Stored data entries
Lemma iter_omegaE n m (l : wt n) (j : 'I_n) : (m <= n)%N ->
  iter m (@omega n) l j = l (iter m (@ordS n) j) + ((n <= j + m)%N : nat)%:Z.
Proof.
elim: m j => [|m IH] j m_le; first by rewrite addn0 leqNgt ltn_ord addr0.
rewrite iterS omegaE IH ?(ltnW m_le) // -iterSr -addrA ordSE; congr (_ + _).
case: ifP => hj; first by rewrite addr0 addSnnS.
have ej : j.+1 = n by have := ltn_ord j; lia.
by rewrite add0n leqNgt m_le addnS -addSn ej leq_addr.
Qed.

Lemma intertwined_iter_omega k r n m (l : wt n) :
  intertwined k r l (iter m (@omega n) l).
Proof.
elim: m => [|m IH]; first exact: rst_refl.
by apply: rst_trans IH _; exact: intertwined_omega.
Qed.

Lemma gapped_iter_omega k r n m (l : wt n) :
  gapped k r l -> gapped k r (iter m (@omega n) l).
Proof. by move=> gl; elim: m => //= m; exact: gapped_omega. Qed.

Lemma dominant_bump_prefix n (l : wt n) (m : nat) :
  dominant l -> dominant (bump_prefix l m).
Proof.
move=> dl a b ab; rewrite !ffunE; have := dl a b ab.
by case: (ltnP b m); case: (ltnP a m) => /=; lia.
Qed.

Lemma intertwined_bump_prefix k r n (l : wt n) m : (2 <= r)%N -> (m <= n)%N ->
  dominant l -> gapped k r l -> intertwined k r l (bump_prefix l m).
Proof.
move=> r2 m_le dl gl; set c := iter m (@omega n) l.
apply: rst_trans (intertwined_iter_omega k r m l) _.
apply: (intertwined_sorted r2 (gapped_iter_omega gl) (dominant_bump_prefix m dl)).
move=> j; have -> : rank c j = iter m (@ordS n) j.
  by apply: val_inj; rewrite /= pos_iter_omega pos_dominant.
rewrite iter_omegaE // ffunE iter_ordSE; congr (_ + (nat_of_bool _)%:Z).
have := ltn_ord j; case: (ltnP (j + m) n) => [jm_lt|jm_ge] j_lt.
  by rewrite modn_small // ltnNge leq_addl.
by rewrite -(subnK jm_ge) modnDr modn_small; lia.
Qed.

Lemma gapped_dominant_mono k r n (l l' : wt n) : dominant l -> dominant l' ->
  (forall a b : 'I_n, (a <= b)%N -> l a - l b <= l' a - l' b) ->
  gapped k r l -> gapped k r l'.
Proof.
move=> dl dl' le_diff gl a b; rewrite !pos_dominant // => pos_b.
have := gl a b; rewrite !pos_dominant // => /(_ pos_b); rewrite !keyB.
have : n%:Z * (l a - l b) <= n%:Z * (l' a - l' b).
  by rewrite ler_wpM2l // le_diff // pos_b leq_addr.
lia.
Qed.

Section AddNonincreasing.
Variables (k r : nat) (r2 : (2 <= r)%N).

Lemma intertwined_add_const_nat n (l : wt n) (c : nat) : dominant l -> gapped k r l ->
  intertwined k r l [ffun x => l x + c%:Z].
Proof.
move=> dl gl; elim: c => [|c IH].
  rewrite (_ : [ffun x => _] = l); first exact: rst_refl.
  by apply/ffunP => x; rewrite ffunE addr0.
set lc := [ffun x => l x + c%:Z] in IH *.
have dlc : dominant lc by move=> a b ab; rewrite !ffunE lerD2r dl.
have glc : gapped k r lc.
  by apply: gapped_dominant_mono dl dlc _ gl => a b _; rewrite !ffunE; lia.
have -> : [ffun x => l x + c.+1%:Z] = bump_prefix lc n.
  by apply/ffunP => x; rewrite !ffunE ltn_ord; lia.
by apply: rst_trans IH (intertwined_bump_prefix r2 (leqnn n) dlc glc).
Qed.
(* Suppose Assumption A holds, so that $\mathcal A_e:=I_{\bar n-1}\otimes A-L_e\otimes BC$ is Hurwitz. Let $\bar P_e=\int_0^\infty e^{\mathcal A_e t}(E^\top G\otimes B)(E^\top G\otimes B)^\top e^{\mathcal A_e^\top t}\,dt$ be the edge controllability Gramian and $\bar Q_f=\int_0^\infty e^{\mathcal A_e^\top t}(HF\otimes C)^\top(HF\otimes C)e^{\mathcal A_e t}\,dt$ the edge observability Gramian. Let $\tilde\Pi^c,\tilde\Pi^o\in\mathbb{R}^{(\bar n-1)\times(\bar n-1)}$ be diagonal positive semidefinite matrices satisfying $L_e\tilde\Pi^c+\tilde\Pi^cL_e^\top-E^\top GG^\top E\succeq0$ and $L_e^\top\tilde\Pi^o+\tilde\Pi^oL_e-F^\top H^\top HF\succeq0$. Then $\bar P_e\preceq\tilde\Pi^c\otimes Q^{-1}$ and $\bar Q_f\preceq\tilde\Pi^o\otimes Q$.
   Context: Subsystem data: $Q=Q^\top\succ0$, $J=-J^\top$, $R=R^\top\succeq0$ in $\mathbb{R}^{n\times n}$, $B\in\mathbb{R}^{n\times m}$, $A=(J-R)Q$, $C=B^\top Q$, with $(A,B,C)$ minimal. Weights $w_{ij}\ge0$ ($i\ne j\in\{1,\dots,\bar n\}$, $\bar n\ge 2$); $L_{ij}=-w_{ij}$ for $i\neq j$, $L_{ii}=\sum_{j\ne i}w_{ij}$; $G\in\mathbb{R}^{\bar n\times\bar m}$, $H\in\mathbb{R}^{\bar p\times\bar n}$. The directed graph $\mathcal G$ on $\{1,\dots,\bar n\}$ has an arc $(i,j)$ iff $w_{ji}>0$; the underlying undirected graph $\mathcal G_u$ has an edge between $i$ and $j$ iff $w_{ij}+w_{ji}>0$. $E$ is an oriented incidence matrix of $\mathcal G_u$ (the column for an edge between $i$ and $j$ oriented from $i$ to $j$ is $e_i-e_j$) and $F$ is the matrix of the same size whose corresponding column is $w_{ij}e_i-w_{ji}e_j$ (so $L=FE^\top$). The edge Laplacian is $L_e=E^\top F$. A directed rooted spanning tree is a subgraph of $\mathcal G$ that is a directed tree containing all vertices in which every vertex except one root has exactly one incoming arc. Assumption A: (i) $\mathcal G_u$ is a tree; (ii) $\mathcal G$ contains a directed rooted spanning tree as a subgraph. $\otimes$ is the Kronecker product; $X\preceq Y$ means $Y-X$ is positive semidefinite. *)

From HB Require Import structures.
From Stdlib Require Import Reals ClassicalEpsilon FunctionalExtensionality.
From mathcomp Require Import all_boot all_order all_algebra.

__To do__. Once you have read the data, reproduce all of it exactly.

__Solution__.
Lemma iter_omegaE n m (l : wt n) (j : 'I_n) : (m <= n)%N ->
  iter m (@omega n) l j = l (iter m (@ordS n) j) + ((n <= j + m)%N : nat)%:Z.
Proof.
elim: m j => [|m IH] j m_le; first by rewrite addn0 leqNgt ltn_ord addr0.
rewrite iterS omegaE IH ?(ltnW m_le) // -iterSr -addrA ordSE; congr (_ + _).
case: ifP => hj; first by rewrite addr0 addSnnS.
have ej : j.+1 = n by have := ltn_ord j; lia.
by rewrite add0n leqNgt m_le addnS -addSn ej leq_addr.
Qed.

Lemma intertwined_iter_omega k r n m (l : wt n) :
  intertwined k r l (iter m (@omega n) l).
Proof.
elim: m => [|m IH]; first exact: rst_refl.
by apply: rst_trans IH _; exact: intertwined_omega.
Qed.

Lemma gapped_iter_omega k r n m (l : wt n) :
  gapped k r l -> gapped k r (iter m (@omega n) l).
Proof. by move=> gl; elim: m => //= m; exact: gapped_omega. Qed.

Lemma dominant_bump_prefix n (l : wt n) (m : nat) :
  dominant l -> dominant (bump_prefix l m).
Proof.
move=> dl a b ab; rewrite !ffunE; have := dl a b ab.
by case: (ltnP b m); case: (ltnP a m) => /=; lia.
Qed.

Lemma intertwined_bump_prefix k r n (l : wt n) m : (2 <= r)%N -> (m <= n)%N ->
  dominant l -> gapped k r l -> intertwined k r l (bump_prefix l m).
Proof.
move=> r2 m_le dl gl; set c := iter m (@omega n) l.
apply: rst_trans (intertwined_iter_omega k r m l) _.
apply: (intertwined_sorted r2 (gapped_iter_omega gl) (dominant_bump_prefix m dl)).
move=> j; have -> : rank c j = iter m (@ordS n) j.
  by apply: val_inj; rewrite /= pos_iter_omega pos_dominant.
rewrite iter_omegaE // ffunE iter_ordSE; congr (_ + (nat_of_bool _)%:Z).
have := ltn_ord j; case: (ltnP (j + m) n) => [jm_lt|jm_ge] j_lt.
  by rewrite modn_small // ltnNge leq_addl.
by rewrite -(subnK jm_ge) modnDr modn_small; lia.
Qed.

Lemma gapped_dominant_mono k r n (l l' : wt n) : dominant l -> dominant l' ->
  (forall a b : 'I_n, (a <= b)%N -> l a - l b <= l' a - l' b) ->
  gapped k r l -> gapped k r l'.
Proof.
move=> dl dl' le_diff gl a b; rewrite !pos_dominant // => pos_b.
have := gl a b; rewrite !pos_dominant // => /(_ pos_b); rewrite !keyB.
have : n%:Z * (l a - l b) <= n%:Z * (l' a - l' b).
  by rewrite ler_wpM2l // le_diff // pos_b leq_addr.
lia.
Qed.

Section AddNonincreasing.
Variables (k r : nat) (r2 : (2 <= r)%N).

Lemma intertwined_add_const_nat n (l : wt n) (c : nat) : dominant l -> gapped k r l ->
  intertwined k r l [ffun x => l x + c%:Z].
Proof.
move=> dl gl; elim: c => [|c IH].
  rewrite (_ : [ffun x => _] = l); first exact: rst_refl.
  by apply/ffunP => x; rewrite ffunE addr0.
set lc := [ffun x => l x + c%:Z] in IH *.
have dlc : dominant lc by move=> a b ab; rewrite !ffunE lerD2r dl.
have glc : gapped k r lc.
  by apply: gapped_dominant_mono dl dlc _ gl => a b _; rewrite !ffunE; lia.
have -> : [ffun x => l x + c.+1%:Z] = bump_prefix lc n.
  by apply/ffunP => x; rewrite !ffunE ltn_ord; lia.
by apply: rst_trans IH (intertwined_bump_prefix r2 (leqnn n) dlc glc).
Qed.
(* Suppose Assumption A holds, so that $\mathcal A_e:=I_{\bar n-1}\otimes A-L_e\otimes BC$ is Hurwitz. Let $\bar P_e=\int_0^\infty e^{\mathcal A_e t}(E^\top G\otimes B)(E^\top G\otimes B)^\top e^{\mathcal A_e^\top t}\,dt$ be the edge controllability Gramian and $\bar Q_f=\int_0^\infty e^{\mathcal A_e^\top t}(HF\otimes C)^\top(HF\otimes C)e^{\mathcal A_e t}\,dt$ the edge observability Gramian. Let $\tilde\Pi^c,\tilde\Pi^o\in\mathbb{R}^{(\bar n-1)\times(\bar n-1)}$ be diagonal positive semidefinite matrices satisfying $L_e\tilde\Pi^c+\tilde\Pi^cL_e^\top-E^\top GG^\top E\succeq0$ and $L_e^\top\tilde\Pi^o+\tilde\Pi^oL_e-F^\top H^\top HF\succeq0$. Then $\bar P_e\preceq\tilde\Pi^c\otimes Q^{-1}$ and $\bar Q_f\preceq\tilde\Pi^o\otimes Q$.
   Context: Subsystem data: $Q=Q^\top\succ0$, $J=-J^\top$, $R=R^\top\succeq0$ in $\mathbb{R}^{n\times n}$, $B\in\mathbb{R}^{n\times m}$, $A=(J-R)Q$, $C=B^\top Q$, with $(A,B,C)$ minimal. Weights $w_{ij}\ge0$ ($i\ne j\in\{1,\dots,\bar n\}$, $\bar n\ge 2$); $L_{ij}=-w_{ij}$ for $i\neq j$, $L_{ii}=\sum_{j\ne i}w_{ij}$; $G\in\mathbb{R}^{\bar n\times\bar m}$, $H\in\mathbb{R}^{\bar p\times\bar n}$. The directed graph $\mathcal G$ on $\{1,\dots,\bar n\}$ has an arc $(i,j)$ iff $w_{ji}>0$; the underlying undirected graph $\mathcal G_u$ has an edge between $i$ and $j$ iff $w_{ij}+w_{ji}>0$. $E$ is an oriented incidence matrix of $\mathcal G_u$ (the column for an edge between $i$ and $j$ oriented from $i$ to $j$ is $e_i-e_j$) and $F$ is the matrix of the same size whose corresponding column is $w_{ij}e_i-w_{ji}e_j$ (so $L=FE^\top$). The edge Laplacian is $L_e=E^\top F$. A directed rooted spanning tree is a subgraph of $\mathcal G$ that is a directed tree containing all vertices in which every vertex except one root has exactly one incoming arc. Assumption A: (i) $\mathcal G_u$ is a tree; (ii) $\mathcal G$ contains a directed rooted spanning tree as a subgraph. $\otimes$ is the Kronecker product; $X\preceq Y$ means $Y-X$ is positive semidefinite. *)

From HB Require Import structures.
From Stdlib Require Import Reals ClassicalEpsilon FunctionalExtensionality.
From mathcomp Require Import all_boot all_order all_algebra.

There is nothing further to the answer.